At the same time, there is a danger that must be confronted with clarity. As Islamic finance grows, it risks being absorbed into the very system it seeks to provide an alternative to. The transformation of Sukuk into instruments that merely mimic conventional bonds—stripped of genuine asset-backing and risk-sharing—would represent not progress, but dilution. The integrity of the system depends on maintaining its foundational principles, ensuring that form does not overtake substance, and that ethical intent is not sacrificed to market convenience.
Nigeria therefore stands at a crossroads. It can continue along a path of incremental growth, treating Islamic finance as a supplementary tool within an unchanged financial paradigm. Or it can embrace a more ambitious vision—one in which the Islamic Capital Market becomes a vehicle for restructuring economic priorities, advancing social justice, and strengthening financial sovereignty.

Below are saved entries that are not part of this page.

(* Write $\cdot|_0$ for substitution $f_1'=0$. For every polynomial $\mathcal P$ in ten variables there exist polynomials $\mathcal P_0,\mathcal Q_0,\mathcal R_0,\mathcal S_0,\mathcal T_0,\mathcal U_0,\mathcal V_0$ in four variables such that, identically in the jet variables, $$\mathcal P(\Lambda^3|_0,\Lambda^5_1|_0,\Lambda^7_{1,1}|_0,M^8|_0,\Lambda^9_{1,1,1}|_0,M^{10}_1|_0,N^{12}|_0,K^{12}_{1,1}|_0,H^{14}_1|_0,F^{16}_{1,1}|_0)$$ $$=\mathcal P_0(\Lambda^3,\Lambda^5_1,M^8,N^{12})|_0+\Lambda^7_{1,1}\mathcal Q_0(\Lambda^5_1,\Lambda^7_{1,1},M^8,N^{12})|_0+\Lambda^9_{1,1,1}\mathcal R_0(\Lambda^7_{1,1},M^8,\Lambda^9_{1,1,1},N^{12})|_0+M^{10}_1\mathcal S_0(M^8,\Lambda^9_{1,1,1},M^{10}_1,N^{12})|_0$$ $$+K^{12}_{1,1}\mathcal T_0(\Lambda^9_{1,1,1},M^{10}_1,N^{12},K^{12}_{1,1})|_0+H^{14}_1\mathcal U_0(\Lambda^9_{1,1,1},N^{12},K^{12}_{1,1},H^{14}_1)|_0+F^{16}_{1,1}\mathcal V_0(\Lambda^9_{1,1,1},K^{12}_{1,1},H^{14}_1,F^{16}_{1,1})|_0 .$$ Moreover this representation is unique: if the right-hand side vanishes identically in $\mathbb C[f_2',f_1'',f_2'',\dots,f_1^{(5)},f_2^{(5)}]$, then $\mathcal P_0,\mathcal Q_0,\mathcal R_0,\mathcal S_0,\mathcal T_0,\mathcal U_0,\mathcal V_0$ are all identically zero.
   Context: $f_i^{(\lambda)}$ ($i\in\{1,2\}$, $\lambda\ge1$) are independent indeterminates; $D=\sum_{i,\lambda}f_i^{(\lambda+1)}\partial/\partial f_i^{(\lambda)}$; $\Delta^{\alpha,\beta}:=f_1^{(\alpha)}f_2^{(\beta)}-f_1^{(\beta)}f_2^{(\alpha)}$; for $P,Q$ of weights $m,n$, $[P,Q]:=n\,DP\cdot Q-m\,P\cdot DQ$ (superscripts below are weights, $f_1'$ has weight 1). $\Lambda^3:=\Delta^{1,2}$; $\Lambda^5_1:=\Delta^{1,3}f_1'-3\Delta^{1,2}f_1''$; $\Lambda^7_{1,1}:=(\Delta^{1,4}+4\Delta^{2,3})(f_1')^2-10\Delta^{1,3}f_1'f_1''+15\Delta^{1,2}(f_1'')^2$; $M^8:=3\Delta^{1,4}\Delta^{1,2}+12\Delta^{2,3}\Delta^{1,2}-5(\Delta^{1,3})^2$; $\Lambda^9_{1,1,1}:=[\Lambda^7_{1,1},f_1']$; $M^{10}_1:=[M^8,f_1']$; $N^{12}:=[M^8,\Lambda^3]$; $K^{12}_{1,1}:=[\Lambda^7_{1,1},\Lambda^5_1]/f_1'$ (this bracket is divisible by $f_1'$); $H^{14}_1:=[M^8,\Lambda^5_1]$; $F^{16}_{1,1}:=[M^8,\Lambda^7_{1,1}]$. *)

From HB Require Import structures.
From mathcomp Require Import all_boot all_order all_algebra.
Set Implicit Arguments. Unset Strict Implicit. Unset Printing Implicit Defensive.
Import GRing.Theory Num.Theory.
Local Open Scope ring_scope.

(* Polynomials with coefficients in R in variables of type V, represented
   as polynomial expressions; [teval rho t] evaluates t at rho : V -> R. *)
Inductive term (R V : Type) : Type :=
| tC of R
| tV of V
| tAdd of term R V & term R V
| tMul of term R V & term R V
| tOpp of term R V.

Arguments tC {R V}. Arguments tV {R V}.

Fixpoint teval (R : nzRingType) (V : Type) (rho : V -> R) (t : term R V) : R :=
  match t with
  | tC c => c
  | tV v => rho v
  | tAdd a b => teval rho a + teval rho b
  | tMul a b => teval rho a * teval rho b
  | tOpp a => - teval rho a
  end.

Section Jets.
Variable R : nzRingType.

(* jet variable (i, k) stands for f_{i+1}^{(k)}, i : 'I_2, k >= 1 *)
Definition jvar := ('I_2 * nat)%type.
Definition jpoly := term R jvar.

Definition tsub (a b : jpoly) : jpoly := tAdd a (tOpp b).
Definition tnat (n : nat) : jpoly := tC (n%:R).
Definition tsq (a : jpoly) : jpoly := tMul a a.

Definition f1 (k : nat) : jpoly := tV (ord0, k).
Definition f2 (k : nat) : jpoly := tV (ord_max, k).

Definition v1 : jvar := (ord0, 1%N).

(* the total derivation D = sum f_i^(l+1) d/d f_i^(l) *)
Fixpoint tD (t : jpoly) : jpoly :=
  match t with
  | tC _ => tC 0
  | tV (i, k) => tV (i, k.+1)
  | tAdd a b => tAdd (tD a) (tD b)
  | tMul a b => tAdd (tMul (tD a) b) (tMul a (tD b))
  | tOpp a => tOpp (tD a)
  end.

Fixpoint tset0 (t : jpoly) : jpoly :=
  match t with
  | tC c => tC c
  | tV v => if v == v1 then tC 0 else tV v
  | tAdd a b => tAdd (tset0 a) (tset0 b)
  | tMul a b => tMul (tset0 a) (tset0 b)
  | tOpp a => tOpp (tset0 a)
  end.

(* quotient by f_1': t = t|_{f_1'=0} + f_1' * tdiv1 t  (lemma tdiv1P below);
   hence when t is divisible by f_1', tdiv1 t is the quotient t / f_1'. *)
Fixpoint tdiv1 (t : jpoly) : jpoly :=
  match t with
  | tC _ => tC 0
  | tV v => if v == v1 then tC 1 else tC 0
  | tAdd a b => tAdd (tdiv1 a) (tdiv1 b)
  | tMul a b => tAdd (tMul (tdiv1 a) b) (tMul (tset0 a) (tdiv1 b))
  | tOpp a => tOpp (tdiv1 a)
  end.

Definition jset0 (x : jvar -> R) : jvar -> R :=
  fun v => if v == v1 then 0 else x v.

Definition Delta (a b : nat) : jpoly :=
  tsub (tMul (f1 a) (f2 b)) (tMul (f1 b) (f2 a)).

(* [P,Q] for P, Q of weights m, n *)
Definition brk (m n : nat) (P Q : jpoly) : jpoly :=
  tsub (tMul (tMul (tnat n) (tD P)) Q) (tMul (tMul (tnat m) P) (tD Q)).

Definition Lam3 : jpoly := Delta 1 2.
Definition Lam5 : jpoly :=
  tsub (tMul (Delta 1 3) (f1 1)) (tMul (tnat 3) (tMul (Delta 1 2) (f1 2))).
Definition Lam7 : jpoly :=
  tAdd (tsub (tMul (tAdd (Delta 1 4) (tMul (tnat 4) (Delta 2 3))) (tsq (f1 1)))
             (tMul (tnat 10) (tMul (Delta 1 3) (tMul (f1 1) (f1 2)))))
       (tMul (tnat 15) (tMul (Delta 1 2) (tsq (f1 2)))).
Definition M8 : jpoly :=
  tsub (tAdd (tMul (tnat 3) (tMul (Delta 1 4) (Delta 1 2)))
             (tMul (tnat 12) (tMul (Delta 2 3) (Delta 1 2))))
       (tMul (tnat 5) (tsq (Delta 1 3))).
Definition Lam9 : jpoly := brk 7 1 Lam7 (f1 1).
Definition M10 : jpoly := brk 8 1 M8 (f1 1).
Definition N12 : jpoly := brk 8 3 M8 Lam3.
Definition K12 : jpoly := tdiv1 (brk 7 5 Lam7 Lam5).
Definition H14 : jpoly := brk 8 5 M8 Lam5.
Definition F16 : jpoly := brk 8 7 M8 Lam7.

Definition ev0 (x : jvar -> R) (t : jpoly) : R := teval (jset0 x) t.

Definition comp0 (n : nat) (Q : term R 'I_n) (L : seq jpoly) (x : jvar -> R) : R :=
  teval (fun j : 'I_n => ev0 x (nth (tC 0) L j)) Q.

Lemma jset0_v1 (x : jvar -> R) : jset0 x v1 = 0.
Proof. by rewrite /jset0 eqxx. Qed.

Lemma tset0P (x : jvar -> R) (t : jpoly) : teval x (tset0 t) = teval (jset0 x) t.
Proof.
elim: t => [c|v|a IHa b IHb|a IHa b IHb|a IHa] //=; try by rewrite IHa ?IHb.
by rewrite /jset0; case: (v == v1).
Qed.

End Jets.

Lemma tdiv1P (R : comNzRingType) (x : jvar -> R) (t : jpoly R) :
  teval x t = teval (jset0 x) t + x v1 * teval x (tdiv1 t).
Proof.
elim: t => [c|v|a IHa b IHb|a IHa b IHb|a IHa] /=.
- by rewrite mulr0 addr0.
- rewrite /jset0; case: eqP => [->|_]; first by rewrite mulr1 add0r.
  by rewrite mulr0 addr0.
- by rewrite IHa IHb mulrDr addrACA.
- rewrite tset0P {1}IHa mulrDl {1}IHb mulrDr mulrDr -addrA.
  congr (_ + _); rewrite addrC; congr (_ + _); rewrite !mulrA //.
  by rewrite [_ * x v1]mulrC.
- by rewrite IHa opprD mulrN.
Qed.

Arguments Lam3 {R}. Arguments Lam5 {R}. Arguments Lam7 {R}. Arguments M8 {R}.
Arguments Lam9 {R}. Arguments M10 {R}. Arguments N12 {R}. Arguments K12 {R}.
Arguments H14 {R}. Arguments F16 {R}.

From HB Require Import structures.
From mathcomp Require Import all_boot all_order all_algebra.
From mathcomp Require Import ring zify.
Import GRing.Theory Num.Theory.
Set Implicit Arguments. Unset Strict Implicit. Unset Printing Implicit Defensive.
Local Open Scope ring_scope.

(* After the substitution f_1' = 0, each of the ten generators becomes a
   nonzero constant times a monomial in the four quantities
     u = (f_1'', f_2', M^8|_0, N^12|_0)
   (Lemma gensE; e.g. Lambda^3|_0 = - f_1'' f_2').  Both sides of the theorem
   are thus linear combinations of monomials u^f, and the theorem becomes a
   statement about exponent vectors f = (i, j, k, l):
   - existence: all exponents of products of generators lie in the cone
     j <= i <= 4j + 2k + 2l, which is the disjoint union of seven cells, the
     exponents produced by the seven summands of the right-hand side
     (cone_cells, cell_inj); hence each monomial of the left-hand side is
     produced by one summand (rhs_of_mlist);
   - uniqueness: u takes every value with f_1'' f_2' <> 0 (ujet_onto) and a
     polynomial vanishing on the torus has zero coefficients (coef_torus);
     as the cells are disjoint and injectively parametrised, a vanishing
     right-hand side has vanishing Q_p (rhs_unique).  Everything holds over any numFieldType. *)

(* Exponent vectors are sequences of naturals, a missing trailing entry
   counting as 0; [eadd] is their sum and [elin es e] the linear combination
   \sum_i e_i * es_i. *)
Fixpoint eadd (a b : seq nat) : seq nat :=
  match a, b with
  | x :: a', y :: b' => (x + y)%N :: eadd a' b'
  | [::], _ => b
  | _, [::] => a
  end.

Definition escale (k : nat) (a : seq nat) : seq nat := map (muln k) a.

Fixpoint elin (es : seq (seq nat)) (e : seq nat) : seq nat :=
  match e with
  | [::] => [::]
  | k :: e' => eadd (escale k (head [::] es)) (elin (behead es) e')
  end.

Fixpoint uvec (i d : nat) : seq nat :=
  match d, i with
  | 0, _ => [::]
  | d'.+1, 0 => 1%N :: nseq d' 0%N
  | d'.+1, i'.+1 => 0%N :: uvec i' d'
  end.

Lemma nth_eadd a b i : nth 0%N (eadd a b) i = (nth 0%N a i + nth 0%N b i)%N.
Proof. by elim: a b i => [|x a IH] [|y b] [|i] //=; rewrite ?addn0. Qed.

Lemma nth_escale k a i : nth 0%N (escale k a) i = (k * nth 0%N a i)%N.
Proof. by elim: a i => [|x a IH] [|i] //=; rewrite ?nth_nil ?muln0. Qed.

Lemma size_eadd a b : size (eadd a b) = maxn (size a) (size b).
Proof. by elim: a b => [|x a IH] [|y b] //=; rewrite ?maxn0 // IH maxnSS. Qed.

Lemma size_uvec i d : size (uvec i d) = d.
Proof. by elim: d i => [|d IH] [|i] //=; rewrite ?size_nseq ?IH. Qed.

The signs, though still emerging, are encouraging. The innovation represented by The Alternative Bank, the strategic vision embodied in the Health Sukuk initiative of Africa Islamic Economic Forum, and the broader regional momentum reflected in Guinea’s planned entry into the Sukuk market all point in the same direction. They suggest that a different financial future is not only imaginable, but already in formation.
In the end, the true measure of Nigeria’s Islamic Capital Market will not be the volume of funds it raises, but the values it embeds. If it can remain anchored in justice, transparency, and real economic impact, it has the potential to become more than a market. It can become a model—one that demonstrates, in practical terms, that finance can be both efficient and ethical, both modern and rooted, both global and sovereign.
And in a world increasingly defined by inequality and financial fragility that would not merely be an achievement. It would be a necessity.
Baba Yunus Muhammad is an Islamic economist, policy thinker, and advocate of ethical finance and civilizational renewal in Africa. He is associated with the Africa Islamic Economic Forum, where he promotes Islamic economics, capital markets, and resistance-oriented economic frameworks aimed at advancing economic sovereignty and human-centered development.